- **Supplied entries**

(* Let $\Delta$ be a finite saturated sample set, $\delta$ a $\Delta$-diagram, and $t$ a basic term. If the time warp $f$ strongly extends $D_t(\delta)$, then $f^\star$ strongly extends $D_{t'}(\delta)$.
   Context: Time warps: join-preserving maps $f\colon\omega^+\to\omega^+$, $\omega^+=\omega\cup\{\omega\}$, ordered pointwise; $p(m)=\bigvee\{k\in\omega\mid k<m\}$; $f^\star$ is the largest time warp $h$ with $f\circ h\le p$; $\mathrm{last}(f)=\min\{m\in\omega^+\mid f(m)=f(\omega)\}$. Basic terms are built from variables using $\cdot,{}',1$. Samples (formal expressions): $\alpha::=\kappa\mid t[\alpha]\mid \mathrm{suc}(\alpha)\mid\mathrm{last}(t)$ with $\kappa$ a time variable and $t$ a basic term. The relation $\leadsto$: $t[\alpha]\leadsto\alpha$, $\mathrm{suc}(\alpha)\leadsto\alpha$, $t[\alpha]\leadsto t[\mathrm{last}(t)]$, $(tu)[\alpha]\leadsto t[u[\alpha]]$, $t'[\alpha]\leadsto t[t'[\alpha]]$, $t'[\alpha]\leadsto t[\mathrm{suc}(t'[\alpha])]$; a sample set is saturated if closed under $\leadsto$. $S(n)=n+1$ for $n\in\omega$, $S(\omega)=\omega$. For saturated $\Delta$, a $\Delta$-diagram is $\delta\colon\Delta\to\omega^+$ such that, whenever the samples mentioned belong to $\Delta$: (1) $\delta(\alpha)\le\delta(\beta)\Rightarrow\delta(t[\alpha])\le\delta(t[\beta])$; (2) $\delta(\alpha)=0\Rightarrow\delta(t[\alpha])=0$; (3) $\delta(\mathrm{suc}(\alpha))=S(\delta(\alpha))$; (4) for $t[\alpha]\in\Delta$: $\delta(\mathrm{last}(t))\le\delta(\alpha)\iff\delta(t[\mathrm{last}(t)])=\delta(t[\alpha])$; (5) $\delta(\mathrm{last}(t))=\omega\Rightarrow\delta(t[\mathrm{last}(t)])=\omega$; (6) $\delta(1[\alpha])=\delta(\alpha)$; (7) $\delta(\mathrm{last}(1))=\omega$; (8) $\delta((tu)[\alpha])=\delta(t[u[\alpha]])$; (9) $\delta(\mathrm{last}(tu))=\omega\Rightarrow\delta(\mathrm{last}(t))=\delta(\mathrm{last}(u))=\omega$; (10) for $t'[\alpha]\in\Delta$: $0<\delta(\alpha)<\omega\Rightarrow\delta(t[t'[\alpha]])<\delta(\alpha)$; (11) for $t'[\alpha]\in\Delta$: $\delta(t'[\alpha])<\omega\Rightarrow\delta(\alpha)\le\delta(t[\mathrm{suc}(t'[\alpha])])$; (12) $\delta(\mathrm{last}(t'))=\omega\Rightarrow\delta(\mathrm{last}(t))=\omega$. For a basic term $t$, $D_t(\delta)=\{(\delta(\alpha),\delta(t[\alpha]))\mid t[\alpha]\in\Delta\}$. A time warp $f$ extends $D_t(\delta)$ if $f(i)=j$ for all $(i,j)\in D_t(\delta)$, and strongly extends it if moreover $D_t(\delta)\neq\emptyset$ and $\delta(\mathrm{last}(t))=\omega$ together imply $\mathrm{last}(f)=\omega$. *)

From Stdlib Require Import List.

Inductive omegap : Type := Fin (n : nat) | Omega.

Definition leo (x y : omegap) : Prop :=
  match x, y with
  | Fin m, Fin n => m <= n
  | _, Omega => True
  | Omega, Fin _ => False
  end.

Definition lto (x y : omegap) : Prop := leo x y /\ x <> y.

Definition is_ub (S : omegap -> Prop) (x : omegap) : Prop :=
  forall y, S y -> leo y x.
Definition is_lub (S : omegap -> Prop) (x : omegap) : Prop :=
  is_ub S x /\ forall z, is_ub S z -> leo x z.

Definition time_warp (f : omegap -> omegap) : Prop :=
  forall (S : omegap -> Prop) (x : omegap),
    is_lub S x -> is_lub (fun y => exists z, S z /\ y = f z) (f x).

(* p(m) = \/ {k in omega | k < m} *)
Definition pred_warp (m : omegap) : omegap :=
  match m with
  | Fin 0 => Fin 0
  | Fin (S n) => Fin n
  | Omega => Omega
  end.

Definition is_star (f h : omegap -> omegap) : Prop :=
  time_warp h /\ (forall m, leo (f (h m)) (pred_warp m)) /\
  (forall h', time_warp h' -> (forall m, leo (f (h' m)) (pred_warp m)) ->
     forall m, leo (h' m) (h m)).

Definition is_last (f : omegap -> omegap) (m : omegap) : Prop :=
  f m = f Omega /\ forall k, f k = f Omega -> leo m k.

Definition succo (x : omegap) : omegap :=
  match x with Fin n => Fin (S n) | Omega => Omega end.

Inductive term : Type :=
| TVar (x : nat)
| TMul (t u : term)
| TPrime (t : term)
| TOne.

Inductive sample : Type :=
| SVar (k : nat)
| SApp (t : term) (a : sample)
| SSuc (a : sample)
| SLast (t : term).

Inductive leadsto : sample -> sample -> Prop :=
| ls_app t a : leadsto (SApp t a) a
| ls_suc a : leadsto (SSuc a) a
| ls_last t a : leadsto (SApp t a) (SApp t (SLast t))
| ls_mul t u a : leadsto (SApp (TMul t u) a) (SApp t (SApp u a))
| ls_prime1 t a : leadsto (SApp (TPrime t) a) (SApp t (SApp (TPrime t) a))
| ls_prime2 t a :
    leadsto (SApp (TPrime t) a) (SApp t (SSuc (SApp (TPrime t) a))).

Definition saturated (D : sample -> Prop) : Prop :=
  forall a b, leadsto a b -> D a -> D b.

Definition finite_set (D : sample -> Prop) : Prop :=
  exists l : list sample, forall a, D a <-> In a l.

Definition diagram (D : sample -> Prop) (d : sample -> omegap) : Prop :=
  (* (1) *)
  (forall t a b, D (SApp t a) -> D (SApp t b) -> D a -> D b ->
     leo (d a) (d b) -> leo (d (SApp t a)) (d (SApp t b))) /\
  (* (2) *)
  (forall t a, D (SApp t a) -> D a -> d a = Fin 0 -> d (SApp t a) = Fin 0) /\
  (* (3) *)
  (forall a, D (SSuc a) -> D a -> d (SSuc a) = succo (d a)) /\
  (* (4) *)
  (forall t a, D (SApp t a) -> D (SLast t) -> D a -> D (SApp t (SLast t)) ->
     (leo (d (SLast t)) (d a) <-> d (SApp t (SLast t)) = d (SApp t a))) /\
  (* (5) *)
  (forall t, D (SLast t) -> D (SApp t (SLast t)) ->
     d (SLast t) = Omega -> d (SApp t (SLast t)) = Omega) /\
  (* (6) *)
  (forall a, D (SApp TOne a) -> D a -> d (SApp TOne a) = d a) /\
  (* (7) *)
  (D (SLast TOne) -> d (SLast TOne) = Omega) /\
  (* (8) *)
  (forall t u a, D (SApp (TMul t u) a) -> D (SApp t (SApp u a)) ->
     d (SApp (TMul t u) a) = d (SApp t (SApp u a))) /\
  (* (9) *)
  (forall t u, D (SLast (TMul t u)) -> D (SLast t) -> D (SLast u) ->
     d (SLast (TMul t u)) = Omega -> d (SLast t) = Omega /\ d (SLast u) = Omega) /\
  (* (10) *)
  (forall t a, D (SApp (TPrime t) a) -> D a -> D (SApp t (SApp (TPrime t) a)) ->
     lto (Fin 0) (d a) -> lto (d a) Omega ->
     lto (d (SApp t (SApp (TPrime t) a))) (d a)) /\
  (* (11) *)
  (forall t a, D (SApp (TPrime t) a) -> D a ->
     D (SApp t (SSuc (SApp (TPrime t) a))) ->
     lto (d (SApp (TPrime t) a)) Omega ->
     leo (d a) (d (SApp t (SSuc (SApp (TPrime t) a))))) /\
  (* (12) *)
  (forall t, D (SLast (TPrime t)) -> D (SLast t) ->
     d (SLast (TPrime t)) = Omega -> d (SLast t) = Omega).

Definition Dt (D : sample -> Prop) (d : sample -> omegap) (t : term)
  (i j : omegap) : Prop :=
  exists a, D (SApp t a) /\ i = d a /\ j = d (SApp t a).

Definition extends (D : sample -> Prop) (d : sample -> omegap) (t : term)
  (f : omegap -> omegap) : Prop :=
  forall i j, Dt D d t i j -> f i = j.

Definition strongly_extends (D : sample -> Prop) (d : sample -> omegap)
  (t : term) (f : omegap -> omegap) : Prop :=
  extends D d t f /\
  ((exists i j, Dt D d t i j) -> d (SLast t) = Omega -> is_last f Omega).

(* f^star is the right adjoint of f shifted by one: f k <= n iff
   k <= f^star (n+1), so f^star (n+1) is the largest k with f k <= n.  For
   t'[a] with delta(a) = n+1, diagram condition (10) shows that j = delta(t'[a])
   satisfies f j <= n, and condition (11) that f (j+1) > n; hence
   f^star (n+1) = j.  The case delta(a) = 0 is (2), and the case delta(a) = omega
   is reduced to the finite one through the sample t'[last(t')] and (4), (5).
   Finally, last(f) = omega forces f^star to reach omega only at omega, and
   condition (12) transfers the hypothesis on last(t') to last(t). *)

From Stdlib Require Import Classical Lia Arith.

Lemma leo_refl x : leo x x.
Proof. destruct x; simpl; auto. Qed.

Lemma leo_trans x y z : leo x y -> leo y z -> leo x z.
Proof. destruct x, y, z; simpl; tauto || lia. Qed.

Lemma leo_antisym x y : leo x y -> leo y x -> x = y.
Proof. destruct x, y; simpl; intros; f_equal; tauto || lia. Qed.

Lemma leo_Omega x : leo x Omega.
Proof. destruct x; exact I. Qed.

Lemma Omega_leo x : leo Omega x -> x = Omega.
Proof. destruct x; simpl; easy. Qed.

Lemma leo0 x : leo (Fin 0) x.
Proof. destruct x; simpl; auto; lia. Qed.

Lemma leo_Fin_or x n : leo x (Fin n) \/ leo (Fin (S n)) x.
Proof. destruct x; simpl; auto; lia. Qed.

Lemma lto_Fin_S x n : lto x (Fin (S n)) -> leo x (Fin n).
Proof.
  intros [Hle Hneq]. destruct x as [m|]; simpl in *; [|exact Hle].
  assert (m <> S n) by congruence. lia.
Qed.

Section TimeWarp.

Variable g : omegap -> omegap.
Hypothesis g_warp : time_warp g.

Lemma time_warp0 : g (Fin 0) = Fin 0.
Proof.
  destruct (g_warp (fun _ => False) (Fin 0)) as [_ Hlub].
  - split; [intros y []|intros z _; apply leo0].
  - apply leo_antisym; [|apply leo0].
    apply Hlub. intros y [z [[] _]].
Qed.

Lemma time_warp_mono x y : leo x y -> leo (g x) (g y).
Proof.
  intros Hxy. destruct (g_warp (fun z => z = x \/ z = y) y) as [Hub _].
  - split; [intros z [-> | ->]; auto using leo_refl|intros z Hz; apply Hz; auto].
  - apply Hub. exists x. auto.
Qed.

Lemma time_warp_Omega_le z : (forall n, leo (g (Fin n)) z) -> leo (g Omega) z.
Proof.
  intros Hz. destruct (g_warp (fun y => exists n, y = Fin n) Omega) as [_ Hlub].
  - split; [intros y _; apply leo_Omega|].
    intros [m|] Hm; simpl; auto.
    specialize (Hm (Fin (S m)) (ex_intro _ _ eq_refl)). simpl in Hm. lia.
  - apply Hlub. intros y [w [[n ->] ->]]. auto.
Qed.

Lemma is_last_Omega_neq : is_last g Omega -> forall n, g (Fin n) <> g Omega.
Proof. intros [_ Hmin] n Hn. exact (Hmin _ Hn). Qed.

(* If g omega = c were finite, every g n would lie strictly below c, so c - 1
   would already bound the join g omega. *)
Lemma time_warp_last_Omega : is_last g Omega -> g Omega = Omega.
Proof.
  intros Hlast. pose proof (is_last_Omega_neq Hlast) as Hneq.
  destruct (g Omega) as [[|c]|] eqn:Hc; auto; exfalso.
  - exact (Hneq 0 time_warp0).
  - assert (Hbound : leo (g Omega) (Fin c)).
    { apply time_warp_Omega_le. intros n.
      apply lto_Fin_S. split.
      - rewrite <- Hc. apply time_warp_mono, leo_Omega.
      - exact (Hneq n). }
    rewrite Hc in Hbound. simpl in Hbound. lia.
Qed.

End TimeWarp.

Definition step_warp (n : nat) (k m : omegap) : omegap :=
  match m with
  | Fin p => if p <=? n then Fin 0 else k
  | Omega => k
  end.

Lemma step_warp_above n k m : leo (Fin (S n)) m -> step_warp n k m = k.
Proof.
  destruct m as [p|]; simpl; auto.
  intros Hp. destruct (Nat.leb_spec p n); auto. lia.
Qed.

Lemma step_warp_below n k m : leo m (Fin n) -> step_warp n k m = Fin 0.
Proof.
  destruct m as [p|]; simpl; [|tauto].
  intros Hp. destruct (Nat.leb_spec p n); auto. lia.
Qed.

Lemma step_warp_le n k m : leo (step_warp n k m) k.
Proof.
  destruct (leo_Fin_or m n) as [Hm|Hm].
  - rewrite step_warp_below by exact Hm. apply leo0.
  - rewrite step_warp_above by exact Hm. apply leo_refl.
Qed.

- **Exercise**
In the listing above, the lines from the one containing "Finally, last(f) = omega" through the one containing "specialize (Hm (Fin" must be set down exactly, with no other lines.

- **Task solution**
   Finally, last(f) = omega forces f^star to reach omega only at omega, and
   condition (12) transfers the hypothesis on last(t') to last(t). *)

From Stdlib Require Import Classical Lia Arith.

Lemma leo_refl x : leo x x.
Proof. destruct x; simpl; auto. Qed.

Lemma leo_trans x y z : leo x y -> leo y z -> leo x z.
Proof. destruct x, y, z; simpl; tauto || lia. Qed.

Lemma leo_antisym x y : leo x y -> leo y x -> x = y.
Proof. destruct x, y; simpl; intros; f_equal; tauto || lia. Qed.

Lemma leo_Omega x : leo x Omega.
Proof. destruct x; exact I. Qed.

Lemma Omega_leo x : leo Omega x -> x = Omega.
Proof. destruct x; simpl; easy. Qed.

Lemma leo0 x : leo (Fin 0) x.
Proof. destruct x; simpl; auto; lia. Qed.

Lemma leo_Fin_or x n : leo x (Fin n) \/ leo (Fin (S n)) x.
Proof. destruct x; simpl; auto; lia. Qed.

Lemma lto_Fin_S x n : lto x (Fin (S n)) -> leo x (Fin n).
Proof.
  intros [Hle Hneq]. destruct x as [m|]; simpl in *; [|exact Hle].
  assert (m <> S n) by congruence. lia.
Qed.

Section TimeWarp.

Variable g : omegap -> omegap.
Hypothesis g_warp : time_warp g.

Lemma time_warp0 : g (Fin 0) = Fin 0.
Proof.
  destruct (g_warp (fun _ => False) (Fin 0)) as [_ Hlub].
  - split; [intros y []|intros z _; apply leo0].
  - apply leo_antisym; [|apply leo0].
    apply Hlub. intros y [z [[] _]].
Qed.

Lemma time_warp_mono x y : leo x y -> leo (g x) (g y).
Proof.
  intros Hxy. destruct (g_warp (fun z => z = x \/ z = y) y) as [Hub _].
  - split; [intros z [-> | ->]; auto using leo_refl|intros z Hz; apply Hz; auto].
  - apply Hub. exists x. auto.
Qed.

Lemma time_warp_Omega_le z : (forall n, leo (g (Fin n)) z) -> leo (g Omega) z.
Proof.
  intros Hz. destruct (g_warp (fun y => exists n, y = Fin n) Omega) as [_ Hlub].
  - split; [intros y _; apply leo_Omega|].
    intros [m|] Hm; simpl; auto.
    specialize (Hm (Fin (S m)) (ex_intro _ _ eq_refl)). simpl in Hm. lia.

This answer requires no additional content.